Separation method: use filtration with a muslin cloth or fine filter to strain curd from whey, or use centrifugation in a lab to speed up separation. The curd remains on the cloth, whey drains off.
This illustrates how changing conditions (pH) can destabilize a colloid.

Q7. You have a mixture containing sand, common salt (NaCl), and water. Describe a step-by-step separation procedure and explain the principles used at each step.

Answer:

Step 1: Filtration — Pour the mixture through filter paper or cloth to separate insoluble sand. Principle: sand particles are large and do not dissolve, so they stay on the filter.
Step 2: Evaporation/Crystallization — Heat the filtrate (salt solution) gently to evaporate water until salt crystals start forming, or leave it to evaporate slowly. Principle: water (solvent) evaporates; the dissolved NaCl becomes supersaturated and crystallizes out.
Step 3: Collection — Collect the salt crystals and dry them. Optionally, condense evaporated water (by distillation) to recover pure water.
These steps use difference in solubility and physical state to separate components.

Q8. Explain why the Tyndall effect occurs in colloids but not in true solutions. Propose a simple classroom experiment using sugar solution and milk to show the difference.

Answer:

The Tyndall effect is light scattering by particles in a mixture. Colloidal particles (1–100 nm) are large enough to scatter light, making a visible beam. In true solutions, particle size is < 1 nm and too small to scatter visible light, so no beam appears.
Classroom experiment: prepare a sugar solution (true solution) and a dilute milk sample (colloid). In a dark room, shine a narrow flashlight or laser pointer through each. The milk will show a visible light path (Tyndall effect), while the sugar solution will not.
Ensure safety with low-power laser. The experiment highlights particle size and optical behavior differences.
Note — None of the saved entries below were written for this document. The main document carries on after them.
(* Let $0<E<F$ and $h(z)=1-(1-z)^3$. For $x>F/2$ define $$\rho(x)=\frac{\min\{h(z):z\in[E/x,F/x]\}}{\max\{h(z):z\in[E/x,F/x]\}} .$$ Then $\rho$ attains its maximum over $x\in(F/2,\infty)$ at $$x=\frac13(E+F)+\frac13\sqrt{\tfrac12(E^2+F^2)+\tfrac12(F-E)^2}.$$
   Context: Interpretation: in the dual-window iteration $\gamma_{k+1}=3\gamma_k-3S_kg+SS_k\gamma_k$ (with $S$, $S_k$ the frame operators of $(g,a,b)$, $(\gamma_k,a,b)$), the operators $Z_k=(SS_k)^{1/2}$ satisfy $Z_{k+1}=h(Z_k)$; if $Z_0=S$ has spectrum $[E,F]$ and is rescaled to $S/x$, $\rho(x)$ is the ratio of the minimum to the maximum of the spectrum after one step. *)

From HB Require Import structures.
From mathcomp Require Import all_boot all_order all_algebra.
From mathcomp Require Import classical_sets reals.
Set Implicit Arguments. Unset Strict Implicit. Unset Printing Implicit Defensive.
Import Order.TTheory GRing.Theory Num.Theory.
Local Open Scope classical_set_scope.
Local Open Scope ring_scope.

Definition h_fun (R : realType) (z : R) : R := 1 - (1 - z) ^+ 3.

Definition h_image (R : realType) (a b : R) : set R :=
  [set h_fun z | z in [set z : R | a <= z <= b]].

(* rho(x) = min{h(z) : z in [E/x,F/x]} / max{h(z) : z in [E/x,F/x]};
   h is continuous, so min/max over the compact interval are inf/sup. *)
Definition rho (R : realType) (E F x : R) : R :=
  inf (h_image (E / x) (F / x)) / sup (h_image (E / x) (F / x)).

Definition x_opt (R : realType) (E F : R) : R :=
  (E + F) / 3 + Num.sqrt ((E ^+ 2 + F ^+ 2) / 2 + (F - E) ^+ 2 / 2) / 3.

From HB Require Import structures.
From mathcomp Require Import all_boot all_order all_algebra.
From mathcomp Require Import classical_sets reals.
From mathcomp Require Import ring lra.
Import Order.TTheory GRing.Theory Num.Theory.
Local Open Scope ring_scope.

(* Since h is increasing, rho(x) = h(E/x) / h(F/x), and h(t/x) = t q_t(x) / x^3
   with q_t(x) = 3x^2 - 3tx + t^2.  As q_E = q_F + (F - E)(3x - E - F),
   maximizing rho amounts to maximizing (3x - E - F) / q_F(x).  At the
   critical point x0 of this ratio the parabola q_F lies above the line
   (3x - E - F)(2x0 - F) with contact of order two at x0, which bounds the
   ratio by its value 1 / (2x0 - F) at x0; x_opt is that critical point. *)

Section Rho.
Context {R : realType}.
Implicit Types a b t x E F : R.

Lemma h_fun_le a b : a <= b -> h_fun a <= h_fun b.
Proof.
move=> ab; rewrite -subr_ge0.
have -> : h_fun b - h_fun a =
    (b - a) * ((1 - a + (1 - b) / 2) ^+ 2 + 3 / 4 * (1 - b) ^+ 2).
  by rewrite /h_fun; field.
rewrite mulr_ge0 ?subr_ge0 // addr_ge0 ?sqr_ge0 // mulr_ge0 ?sqr_ge0 //; lra.
Qed.

Lemma sup_h_image a b : a <= b -> sup (h_image a b) = h_fun b.
Proof.
move=> ab; have hb : h_image a b (h_fun b) by exists b => //=; rewrite ab lexx.
have ub : ubound (h_image a b) (h_fun b).
  by move=> y [z /= /andP[_ zb] <-]; apply: h_fun_le.
apply/le_anti; rewrite ge_sup //=; last by exists (h_fun b).
by apply: ub_le_sup => //; exists (h_fun b).
Qed.

Lemma inf_h_image a b : a <= b -> inf (h_image a b) = h_fun a.
Proof.
move=> ab; have ha : h_image a b (h_fun a) by exists a => //=; rewrite ab lexx.
have lb : lbound (h_image a b) (h_fun a).
  by move=> y [z /= /andP[az _] <-]; apply: h_fun_le.
apply/le_anti; rewrite lb_le_inf //=; last by exists (h_fun a).
by rewrite andbT; apply: ge_inf => //; exists (h_fun a).
Qed.

Definition hquad t x : R := 3 * x ^+ 2 - 3 * t * x + t ^+ 2.

Lemma hquad_gt0 t x : t != 0 -> 0 < hquad t x.
Proof.
move=> t0; have -> : hquad t x = 3 * (x - t / 2) ^+ 2 + t ^+ 2 / 4.
  by rewrite /hquad; field.
apply: ltr_wpDl; first by rewrite mulr_ge0 ?sqr_ge0.
by rewrite divr_gt0 // exprn_even_gt0.
Qed.

Lemma h_fun_div t x : x != 0 -> h_fun (t / x) = t * hquad t x / x ^+ 3.
Proof. by move=> x0; rewrite /h_fun /hquad; field. Qed.

Lemma hquadE E F x :
  hquad E x = hquad F x + (F - E) * (3 * x - (E + F)).
Proof. by rewrite /hquad; ring. Qed.

Lemma rhoE E F x : 0 < E < F -> 0 < x ->
  rho E F x = E / F * (1 + (F - E) * ((3 * x - (E + F)) / hquad F x)).
Proof.
move=> /andP[E0 EF] x0.
have F0 : F != 0 by rewrite gt_eqF //; lra.
have qF0 : hquad F x != 0 by rewrite gt_eqF // hquad_gt0.
have EFx : E / x <= F / x by rewrite ler_pM2r ?invr_gt0 // ltW.
rewrite /rho sup_h_image // inf_h_image // !h_fun_div ?gt_eqF // (hquadE E F).
by field; rewrite qF0 F0 gt_eqF.
Qed.

Section CriticalPoint.
Context {F s x0 : R}.
(* The critical-point equation of x |-> (3x - s) / q_F(x), after clearing
   denominators; it is equivalent to q_F(x0) = (3x0 - s)(2x0 - F). *)
Hypothesis crit : 3 * x0 ^+ 2 - 2 * s * x0 - F ^+ 2 + s * F = 0.

Lemma hquad_tangent x :
  hquad F x = (3 * x - s) * (2 * x0 - F) + 3 * (x - x0) ^+ 2.
Proof.
apply/eqP; rewrite -subr_eq0 -oppr_eq0 -crit; apply/eqP.
by rewrite /hquad; ring.
Qed.

Lemma hquad_crit : hquad F x0 = (3 * x0 - s) * (2 * x0 - F).
Proof. by rewrite hquad_tangent subrr expr0n mulr0 addr0. Qed.

Lemma hquad_ratio_le x : F != 0 -> F / 2 < x0 ->
  (3 * x - s) / hquad F x <= (2 * x0 - F)^-1.
Proof.
move=> F0 Fx0.
rewrite ler_pdivrMr ?hquad_gt0 // ler_pdivlMl; last lra.
by rewrite mulrC hquad_tangent lerDl mulr_ge0 ?sqr_ge0.
Qed.

End CriticalPoint.

Lemma x_optE E F :
  x_opt E F = (E + F + Num.sqrt (E ^+ 2 - E * F + F ^+ 2)) / 3.
Proof.
rewrite /x_opt; have -> : (E ^+ 2 + F ^+ 2) / 2 + (F - E) ^+ 2 / 2 =
  E ^+ 2 - E * F + F ^+ 2 by field.
by field.
Qed.

Lemma x_opt_crit E F : 0 < E < F ->
  [/\ 0 < 3 * x_opt E F - (E + F), F / 2 < x_opt E F &
      3 * x_opt E F ^+ 2 - 2 * (E + F) * x_opt E F - F ^+ 2 + (E + F) * F = 0].
Proof.
move=> /andP[E0 EF]; rewrite x_optE.
set r := Num.sqrt _.
have r2 : r ^+ 2 = E ^+ 2 - E * F + F ^+ 2.
  rewrite sqr_sqrtr // (_ : _ - _ + _ = (F - E) ^+ 2 + E * F); last by ring.
  by rewrite addr_ge0 ?sqr_ge0 // mulr_ge0 //; lra.
have r0 : 0 <= r by apply: sqrtr_ge0.
have rFE : F - E < r by rewrite expr2 in r2; nra.
split; [lra | lra |].
rewrite (_ : _ - _ + _ = (r ^+ 2 - (E ^+ 2 - E * F + F ^+ 2)) / 3); last by field.
by rewrite r2 subrr mul0r.
Qed.

End Rho.

Theorem mainTheorem13 (R : realType) (E F : R) (hE : 0 < E) (hEF : E < F) :
  F / 2 < x_opt E F /\
  (forall x : R, F / 2 < x -> rho E F x <= rho E F (x_opt E F)).
Proof.
have EF : 0 < E < F by rewrite hE.
have [r0 Fxo crit] := x_opt_crit E F EF.
split=> // x Fx.
have F0 : F != 0 by rewrite gt_eqF //; lra.
have [x0 xo0] : 0 < x /\ 0 < x_opt E F by split; lra.
rewrite !rhoE // ler_pM2l ?divr_gt0 //; last lra.
rewrite lerD2l ler_pM2l ?subr_gt0 // (hquad_crit crit) invfM mulVKf ?gt_eqF //.
exact: hquad_ratio_le.
Qed.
Q9. You need to recover pure water from brine (salt water) at home. Describe the process you would use, explain why it works, and mention any energy or efficiency considerations.

Answer:

Use simple distillation: heat brine until water vaporizes, then condense the vapor on a cool surface to collect pure water; salt remains behind. Principle: different boiling points — water boils at 100 °C, leaving non-volatile salt.
Setup: heat brine in a flask, direct steam through a condenser or cooled tube, collect condensate in a clean container. This yields distilled water.
Energy/efficiency: distillation is energy-intensive because heating large volumes takes heat. Heat loss reduces efficiency. Solar stills use sunlight for low-energy distillation but are slower. For home use, small batches are practical; large-scale desalination needs efficient heaters or heat recovery.
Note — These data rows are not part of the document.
(* Let $n$ and $N$ be non-negative integers with $N\le 2n-3$. Suppose $f_0,f_1,\dots,f_N$ is a sequence of positive integers such that (1) $f_0=2$, (2) $f_i=f_{i-1}\pm1$ for $1\le i\le N$, and (3) $f_i\le 2n-i-2$ for $0\le i\le N$. Then there exists a fully heterochronous ranked tree shape with $n$ leaves whose $\mathbf{F}$-matrix $F$ satisfies $F_{i,i}=f_i$ for all $0\le i\le N$.
   Context: A fully heterochronous ranked tree shape with $n$ leaves is a rooted full binary tree (every node has out-degree $0$ or $2$), without leaf labels, with $n$ leaves, together with a total ordering of all $2n-1$ nodes (leaves included) such that nodes appear in increasing order along every path from the root to a leaf; the position of a node in this order, numbered $0,1,\dots,2n-2$, is its rank (the root has rank $0$). Its $\mathbf{F}$-matrix is the $(2n-2)\times(2n-2)$ lower triangular matrix $F$, with indices running from $0$ to $2n-3$, where for $0\le j\le i$ the entry $F_{i,j}$ is the number of edges from a parent node $v$ to a child node $w$ such that the rank of $v$ is at most $j$ and the rank of $w$ is larger than $i$. *)

From mathcomp Require Import all_boot.
Set Implicit Arguments. Unset Strict Implicit. Unset Printing Implicit Defensive.

(* A fully heterochronous ranked tree shape with n leaves is encoded by
   identifying each of its 2n-1 nodes with its rank 0..2n-2 and giving the
   parent function [par] : the parent of node v (1 <= v <= 2n-2) is [par v].
   (The value [par 0] is irrelevant.)  Since nodes are identified with their
   ranks, this encodes exactly a rooted tree together with a total order of
   its nodes, up to rank-preserving isomorphism (no leaf labels). *)

Definition nchildren (n : nat) (par : nat -> nat) (u : nat) : nat :=
  count (fun w => par w == u) (iota 1 (2 * n - 2)).

Definition is_FH_ranked_tree_shape (n : nat) (par : nat -> nat) : Prop :=
  [/\ 0 < n,
      (forall v, 0 < v < 2 * n - 1 -> par v < v),
      (forall u, u < 2 * n - 1 ->
         nchildren n par u = 0 \/ nchildren n par u = 2)
    &
      count (fun u => nchildren n par u == 0) (iota 0 (2 * n - 1)) = n].

Definition Fmat (n : nat) (par : nat -> nat) (i j : nat) : nat :=
  count (fun w => (par w <= j) && (i < w)) (iota 1 (2 * n - 2)).

From mathcomp Require Import all_boot zify.

(* A ranked tree shape is determined by which ranks are internal nodes: let
   the j-th internal node (in rank order) have the children of ranks 2j+1 and
   2j+2.  This is a valid shape as soon as every rank w >= 1 is preceded by at
   least (w+1)/2 internal nodes, and then F_{i,i} = 2 c_i - i, where c_i is
   the number of internal nodes of rank <= i: the edges leaving ranks <= i end
   exactly at ranks 1..2c_i, and i of them end at ranks <= i.  Since
   f_i + i is even, make u <= N internal iff u = 0 or f goes up at u, so that
   2 c_i - i = f_i; then add the missing internal nodes right after N.
   Positivity of f and f_i <= 2n - i - 2 are exactly what is needed for the
   parents to precede their children and for the count n - 1 to be reached. *)

Lemma count_iota_le a s m : count (fun w => w <= a) (iota s m) = minn (a.+1 - s) m.
Proof. by elim: m s => [|m IHm] s /=; [lia | rewrite IHm; lia]. Qed.

Lemma count_iota_itv i a s m : i <= a ->
  count (fun w => (w <= a) && (i < w)) (iota s m) =
  minn (a.+1 - s) m - minn (i.+1 - s) m.
Proof.
move=> le_ia; elim: m s => [|m IHm] s /=; first lia.
by rewrite IHm; case: (leqP s a); case: (ltnP i s); lia.
Qed.

Section TreeOfInternalNodes.

Variable internal : nat -> bool.

Definition ninternal m := count internal (iota 0 m).

Lemma ninternalS m : ninternal m.+1 = ninternal m + internal m.
Proof. by rewrite /ninternal -addn1 iotaD count_cat /= addn0. Qed.

Lemma leq_ninternal {m m'} : m <= m' -> ninternal m <= ninternal m'.
Proof. by move=> le_mm'; rewrite /ninternal -(subnKC le_mm') iotaD count_cat leq_addr. Qed.

(* The parent of w is the unique u with 2 c_{u-1} < w <= 2 c_u. *)
Definition parent_of K w := count (fun u => 2 * ninternal u.+1 < w) (iota 0 K).

Lemma leq_parent_of K w i :
  i < K -> (parent_of K w <= i) = (w <= 2 * ninternal i.+1).
Proof.
move=> lt_iK; rewrite /parent_of.
case: (leqP w (2 * ninternal i.+1)) => le_w.
- rewrite -(subnKC (ltnW lt_iK)) iotaD count_cat add0n.
  have -> : count (fun u => 2 * ninternal u.+1 < w) (iota i (K - i)) = 0.
    apply/eqP; rewrite -leqn0 leqNgt -has_count; apply/hasPn => u.
    rewrite mem_iota => /andP[le_iu _].
    by have := leq_ninternal (le_iu : i < u.+1); lia.
  by have := count_size (fun u => 2 * ninternal u.+1 < w) (iota 0 i); rewrite size_iota; lia.
- rewrite -(subnKC lt_iK) iotaD count_cat.
  have -> : count (fun u => 2 * ninternal u.+1 < w) (iota 0 i.+1) = i.+1.
    apply/eqP; rewrite -[X in _ == X](size_iota 0 i.+1) -all_count; apply/allP => u.
    rewrite mem_iota add0n => /andP[_ lt_ui].
    by have := leq_ninternal lt_ui; lia.
  lia.
Qed.

Variable n : nat.
Hypothesis n_gt0 : 0 < n.
Hypothesis internal_before : forall w, 1 <= w <= 2 * n - 2 -> w <= 2 * ninternal w.
Hypothesis ninternal_total : ninternal (2 * n - 1) = n.-1.

Definition tree_par := parent_of (2 * n - 1).

Lemma ninternal_lt_nodes {u} : u < 2 * n - 1 -> 2 * ninternal u.+1 <= 2 * n - 2.
Proof. by move=> lt_u; have := leq_ninternal lt_u; lia. Qed.

Lemma tree_par_lt v : 0 < v < 2 * n - 1 -> tree_par v < v.
Proof.
case: v => // v /andP[_ lt_v]; rewrite ltnS leq_parent_of; last lia.
by apply: internal_before; lia.
Qed.

Lemma nchildren_tree_par u : u < 2 * n - 1 -> nchildren n tree_par u = (internal u).*2.
Proof.
move=> lt_u; rewrite /nchildren.
rewrite (eq_in_count (a2 := fun w => (w <= 2 * ninternal u.+1) && (2 * ninternal u < w))).
  have := ninternal_lt_nodes lt_u; have := leq_ninternal (leqnSn u).
  rewrite count_iota_itv // ninternalS; case: (internal u); lia.
move=> w; rewrite mem_iota => /andP[w_gt0 _] /=.
case: u lt_u => [|u] lt_u.
  by rewrite -leqn0 /tree_par leq_parent_of // /ninternal /= w_gt0 andbT.
rewrite eqn_leq /tree_par leq_parent_of // ltnNge leq_parent_of; last lia.
by rewrite -ltnNge.
Qed.

Lemma tree_par_FH : is_FH_ranked_tree_shape n tree_par.
Proof.
split => //; first exact: tree_par_lt.
  by move=> u lt_u; rewrite nchildren_tree_par //; case: (internal u); auto.
rewrite (eq_in_count (a2 := predC internal)); last first.
  by move=> u; rewrite mem_iota /= => lt_u; rewrite nchildren_tree_par //; case: (internal u).
have := count_predC internal (iota 0 (2 * n - 1)).
rewrite size_iota -/(ninternal _) ninternal_total => split_nodes.
by apply/eqP; rewrite -(eqn_add2l n.-1) split_nodes; apply/eqP; lia.
Qed.

Lemma Fmat_diag_tree_par i :
  i < 2 * n - 1 -> Fmat n tree_par i i = 2 * ninternal i.+1 - i.
Proof.
move=> lt_i; rewrite /Fmat.
rewrite (eq_in_count (a2 := fun w => (w <= 2 * ninternal i.+1) && (i < w))); last first.
  by move=> w _ /=; rewrite /tree_par leq_parent_of.
have := ninternal_lt_nodes lt_i.
have le_i : i <= 2 * ninternal i.+1.
  case: i lt_i => [|i] lt_i; first lia.
  have := internal_before i.+1; have := leq_ninternal (leqnSn i.+1); lia.
by rewrite count_iota_itv //; lia.
Qed.

End TreeOfInternalNodes.

Definition pad_internal (b : nat -> bool) N L u := if u <= N then b u else u <= N + L.

Lemma ninternal_pad_low b N L m :
  m <= N.+1 -> ninternal (pad_internal b N L) m = ninternal b m.
Proof.
move=> le_m; apply: eq_in_count => u; rewrite mem_iota /pad_internal => lt_u.
by have -> : u <= N by lia.
Qed.

Lemma ninternal_pad_high b N L j :
  ninternal (pad_internal b N L) (N.+1 + j) = ninternal b N.+1 + minn j L.
Proof.
rewrite {1}/ninternal iotaD count_cat -/(ninternal _ _) ninternal_pad_low //.
congr (_ + _); rewrite add0n (eq_in_count (a2 := fun u => u <= N + L)).
  by rewrite count_iota_le; lia.
by move=> u; rewrite mem_iota /pad_internal => le_u; have -> : (u <= N) = false by lia.
Qed.

Section UpSteps.

Variables (n N : nat) (f : nat -> nat).
Hypothesis f_gt0 : forall i, i <= N -> 0 < f i.
Hypothesis f0 : f 0 = 2.
Hypothesis f_step : forall i, 1 <= i <= N -> f i = f i.-1 + 1 \/ f i + 1 = f i.-1.
Hypothesis f_le : forall i, i <= N -> f i + i + 2 <= 2 * n.

Definition up_step u := (u == 0) || (f u == f u.-1 + 1).

Lemma double_ninternal_up_step i : i <= N -> 2 * ninternal up_step i.+1 = f i + i.
Proof using f0 f_step.
elim: i => [|i IHi] le_iN; first by rewrite /ninternal /= f0.
rewrite ninternalS mulnDr IHi; last lia.
by rewrite /up_step /=; case: eqP => /= up; have /= := f_step i.+1; lia.
Qed.

Definition tree_internal := pad_internal up_step N (n.-1 - ninternal up_step N.+1).

Lemma tree_internal_before w :
  1 <= w <= 2 * n - 2 -> w <= 2 * ninternal tree_internal w.
Proof using f_gt0 f0 f_step f_le.
move=> w_range; case: (leqP w N.+1) => le_w.
  case: w w_range le_w => [|i] w_range le_w; first lia.
  rewrite ninternal_pad_low // double_ninternal_up_step; last lia.
  by have := f_gt0 i; lia.
have := double_ninternal_up_step N (leqnn N); have := f_le N (leqnn N).
by rewrite -(subnKC (ltnW le_w)) ninternal_pad_high; lia.
Qed.

Lemma ninternal_tree_total : ninternal tree_internal (2 * n - 1) = n.-1.
Proof using f_gt0 f0 f_step f_le.
have double_up := double_ninternal_up_step N (leqnn N).
have fN_le := f_le N (leqnn N).
have fN_gt0 := f_gt0 N (leqnn N).
have -> : 2 * n - 1 = N.+1 + (2 * n - 2 - N) by lia.
by rewrite ninternal_pad_high; lia.
Qed.

End UpSteps.

Theorem corollary1 (n N : nat) (f : nat -> nat) :
  N + 3 <= 2 * n ->
  (forall i, i <= N -> 0 < f i) ->
  f 0 = 2 ->
  (forall i, 1 <= i <= N -> f i = f i.-1 + 1 \/ f i + 1 = f i.-1) ->
  (forall i, i <= N -> f i + i + 2 <= 2 * n) ->
  exists par : nat -> nat,
    is_FH_ranked_tree_shape n par /\
    (forall i, i <= N -> Fmat n par i i = f i).
Proof.
move=> N_small f_gt0 f0 f_step f_le.
have n_gt0 : 0 < n by lia.
have before := tree_internal_before n N f f_gt0 f0 f_step f_le.
have total := ninternal_tree_total n N f f_gt0 f0 f_step f_le.
have up := double_ninternal_up_step N f f0 f_step.
exists (tree_par (tree_internal n N f) n); split; first exact: tree_par_FH.
move=> i le_iN; rewrite Fmat_diag_tree_par //; last lia.
by rewrite ninternal_pad_low ?up; lia.
Qed.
Q10. Differentiate between a concentrated and a dilute solution both qualitatively and quantitatively. How do changes in concentration affect some physical properties of a solution?

Answer:

Qualitatively, a concentrated solution has a large amount of solute per unit volume; a dilute solution has a small amount. For example, concentrated sugar water tastes very sweet.
Quantitatively, concentration is measured as molarity (M), percent by mass, or g per L. A solution of 1.0 M NaCl is more concentrated than 0.1 M NaCl.
Changing concentration affects physical properties: higher solute concentration typically raises boiling point and lowers freezing point (colligative effects), and often increases electrical conductivity if the solute is ionic. Viscosity and density also change with concentration.
Thus concentration controls both sensory properties and measurable physical behaviour of solutions.